News & Events

Energy Economics Weekly Briefings

Surge in Oil Demand Growth

Written by: Ellen Hughes-Cromwick

Key Takeaways:

  • The leading indicators of the global economy suggest that growth is robust going into the second half of this year, fostering a rise in energy demand, particularly for oil.
  • So far this year, oil demand is growing at an annual rate of nearly 2 million barrels per day.
  • Despite gains in renewable energy demand given lower, more competitive costs, oil pricing remains attractive for many countries reaching the take-off stage of economic development.
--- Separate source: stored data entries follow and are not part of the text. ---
(* Let $(\underline{\mathbf{v}},\underline{\boldsymbol{\rho}})$ be a subsolution and $(\overline{\mathbf{v}},\overline{\boldsymbol{\rho}})$ a supersolution of the system described in the context, both locally bounded in time, and assume that for all $j\in\mathbb{Z}$, $\underline{v}_j(0,x)\le\overline{v}_j(0,x)$ for all $x\in[0,1]$ and $\underline{\rho}_j(0)\le\overline{\rho}_j(0)$. Then $\underline{v}_j(t,x)\le\overline{v}_j(t,x)$ and $\underline{\rho}_j(t)\le\overline{\rho}_j(t)$ for all $t>0$, $x\in[0,1]$, $j\in\mathbb{Z}$. If furthermore $\underline{\mathbf{v}}(0)\not\equiv\overline{\mathbf{v}}(0)$ or $\underline{\boldsymbol{\rho}}(0)\not\equiv\overline{\boldsymbol{\rho}}(0)$, then $\underline{v}_j(t,x)<\overline{v}_j(t,x)$ and $\underline{\rho}_j(t)<\overline{\rho}_j(t)$ for all $t>0$, $x\in[0,1]$, $j\in\mathbb{Z}$.
   Context: Fix $\alpha,\beta,d>0$ and $f\in\mathscr{C}^1([0,1])$ with $f(0)=f(1)=0$, $0<f(u)\le f'(0)u$ on $(0,1)$, extended to a locally Lipschitz function on $\mathbb{R}$ negative on $\mathbb{R}\setminus[0,1]$. A pair $(\mathbf{v},\boldsymbol{\rho})=(v_j,\rho_j)_{j\in\mathbb{Z}}$ is in the regularity class if for every $j$: $\rho_j\in\mathscr{C}^1([0,+\infty))$, $v_j\in\mathscr{C}^0([0,+\infty)\times[0,1])$, $\partial_tv_j,\partial_x^2v_j\in\mathscr{C}^0((0,+\infty)\times(0,1))$, $\partial_xv_j\in\mathscr{C}^0((0,+\infty)\times[0,1])$. Such a pair $(\overline{\mathbf{v}},\overline{\boldsymbol{\rho}})$ is a supersolution if for all $t>0$, $j\in\mathbb{Z}$: $\partial_t\overline{v}_j\ge d\,\partial_x^2\overline{v}_j$ on $(0,1)$; $\overline{\rho}_j'(t)\ge f(\overline{\rho}_j(t))+\alpha(\overline{v}_j(t,0)+\overline{v}_{j-1}(t,1))-2\beta\overline{\rho}_j(t)$; $-d\,\partial_x\overline{v}_j(t,0)+\alpha\overline{v}_j(t,0)\ge\beta\overline{\rho}_j(t)$; $d\,\partial_x\overline{v}_j(t,1)+\alpha\overline{v}_j(t,1)\ge\beta\overline{\rho}_{j+1}(t)$. A subsolution is defined in the same way with all these inequalities reversed. Locally bounded in time means that for every $T>0$, $\sup_{t\in[0,T],\,j\in\mathbb{Z},\,x\in[0,1]}(|v_j(t,x)|+|\rho_j(t)|)<\infty$. *)

From Stdlib Require Import Reals ZArith.
From Coquelicot Require Import Coquelicot.
Open Scope R_scope.

Definition deriv_within (D : R -> Prop) (f : R -> R) (x l : R) : Prop :=
  filterlim (fun y => (f y - f x) / (y - x))
    (within (fun y => D y /\ y <> x) (locally x)) (locally l).

Definition cont_on (D : R -> Prop) (g : R -> R) : Prop :=
  forall t, D t -> forall eps, 0 < eps -> exists delta, 0 < delta /\
    forall s, D s -> Rabs (s - t) < delta -> Rabs (g s - g t) < eps.

Definition cont2_on (D : R -> R -> Prop) (g : R -> R -> R) : Prop :=
  forall t x, D t x -> forall eps, 0 < eps -> exists delta, 0 < delta /\
    forall s y, D s y -> Rabs (s - t) < delta -> Rabs (y - x) < delta ->
      Rabs (g s y - g t x) < eps.

Definition KPP_f (f : R -> R) : Prop :=
  (exists df : R -> R,
     (forall u, 0 <= u <= 1 -> deriv_within (fun y => 0 <= y <= 1) f u (df u)) /\
     cont_on (fun y => 0 <= y <= 1) df /\
     (forall u, 0 < u < 1 -> 0 < f u /\ f u <= df 0 * u)) /\
  f 0 = 0 /\ f 1 = 0 /\
  (forall a b, exists L, forall x y, a <= x <= b -> a <= y <= b ->
     Rabs (f x - f y) <= L * Rabs (x - y)) /\
  (forall u, u < 0 \/ 1 < u -> f u < 0).

(* Regularity class, with the derivatives given as witness functions
   drho = rho_j', vt = d_t v_j, vx = d_x v_j, vxx = d_x^2 v_j. *)
Definition regular (v : Z -> R -> R -> R) (rho : Z -> R -> R)
  (drho : Z -> R -> R) (vt vx vxx : Z -> R -> R -> R) : Prop :=
  forall j : Z,
    (forall t, 0 <= t -> deriv_within (fun s => 0 <= s) (rho j) t (drho j t)) /\
    cont_on (fun s => 0 <= s) (drho j) /\
    cont2_on (fun t x => 0 <= t /\ 0 <= x <= 1) (v j) /\
    (forall t x, 0 < t -> 0 < x < 1 -> is_derive (fun s => v j s x) t (vt j t x)) /\
    (forall t x, 0 < t -> 0 <= x <= 1 ->
       deriv_within (fun y => 0 <= y <= 1) (fun y => v j t y) x (vx j t x)) /\
    (forall t x, 0 < t -> 0 < x < 1 -> is_derive (fun y => vx j t y) x (vxx j t x)) /\
    cont2_on (fun t x => 0 < t /\ 0 < x < 1) (vt j) /\
    cont2_on (fun t x => 0 < t /\ 0 < x < 1) (vxx j) /\
    cont2_on (fun t x => 0 < t /\ 0 <= x <= 1) (vx j).

Definition supersolution (alpha beta d : R) (f : R -> R)
  (v : Z -> R -> R -> R) (rho : Z -> R -> R) : Prop :=
  exists (drho : Z -> R -> R) (vt vx vxx : Z -> R -> R -> R),
    regular v rho drho vt vx vxx /\
    forall (t : R) (j : Z), 0 < t ->
      (forall x, 0 < x < 1 -> vt j t x >= d * vxx j t x) /\
      drho j t >= f (rho j t) + alpha * (v j t 0 + v (j - 1)%Z t 1) - 2 * beta * rho j t /\
      - d * vx j t 0 + alpha * v j t 0 >= beta * rho j t /\
      d * vx j t 1 + alpha * v j t 1 >= beta * rho (j + 1)%Z t.

Definition subsolution (alpha beta d : R) (f : R -> R)
  (v : Z -> R -> R -> R) (rho : Z -> R -> R) : Prop :=
  exists (drho : Z -> R -> R) (vt vx vxx : Z -> R -> R -> R),
    regular v rho drho vt vx vxx /\
    forall (t : R) (j : Z), 0 < t ->
      (forall x, 0 < x < 1 -> vt j t x <= d * vxx j t x) /\
      drho j t <= f (rho j t) + alpha * (v j t 0 + v (j - 1)%Z t 1) - 2 * beta * rho j t /\
      - d * vx j t 0 + alpha * v j t 0 <= beta * rho j t /\
      d * vx j t 1 + alpha * v j t 1 <= beta * rho (j + 1)%Z t.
The U.S. Energy Information Administration (EIA), the statistical and analytics unit of the U.S. Department of Energy (DOE), issued their updated short-term energy outlook on July 10, 2018. In it, they indicate that oil demand growth, including liquid fuels, continues to be very strong (see table). Global oil demand growth has accelerated during the last 12 months. EIA analysts estimate growth of over 1.7 million barrels per day (MMBD) this year, up from 1.58 MMBD growth in 2017. They expect this strong growth to continue into 2019 with an additional 1.71 MMBD of growth. Most oil experts estimate that trend oil demand growth is 1.1 MMBD, based on estimates of long-run global GDP growth and trend improvements in energy efficiency and renewables energy demand growth. As the table shows, EIA analysts expect world real GDP growth to be above 3% in 2018-2019.

  • One of the key features of this report is the shift in production location for the “incremental” barrel of oil. In contrast to the period prior to the mid– to late 2000s, OPEC had much more control of the oil production outcomes. With Saudi Arabia the biggest player, it could leverage its influence within the cartel to control production and therefore pricing outcomes.
  • More recently, the U.S. has become the dominant producer as crude oil production hit a record 11 MMBD the week of July 20th, according to an EIA report. Some estimates suggest that the marginal cost of lifting shale oil from the Permian Basin has dipped below $50 per barrel. Any price above this marginal cost will turn a profit for producers.
  • With energy demand so strong, oil prices rebounded to nearly $80 per barrel at the end of June. Today’s Brent oil price quote for the September 2018 contract is $74.25 per barrel, suggesting a persistent rise since the low point in early 2016. Arguably, at that price, many oil producers are profitable, both within OPEC and among the companies in non-OPEC countries.
  • This market environment, to be sure, makes it challenging to pursue a future energy complex which diminishes the reliance on fossil fuels absent policies designed to compensate for the social costs of the emissions into our physical environment.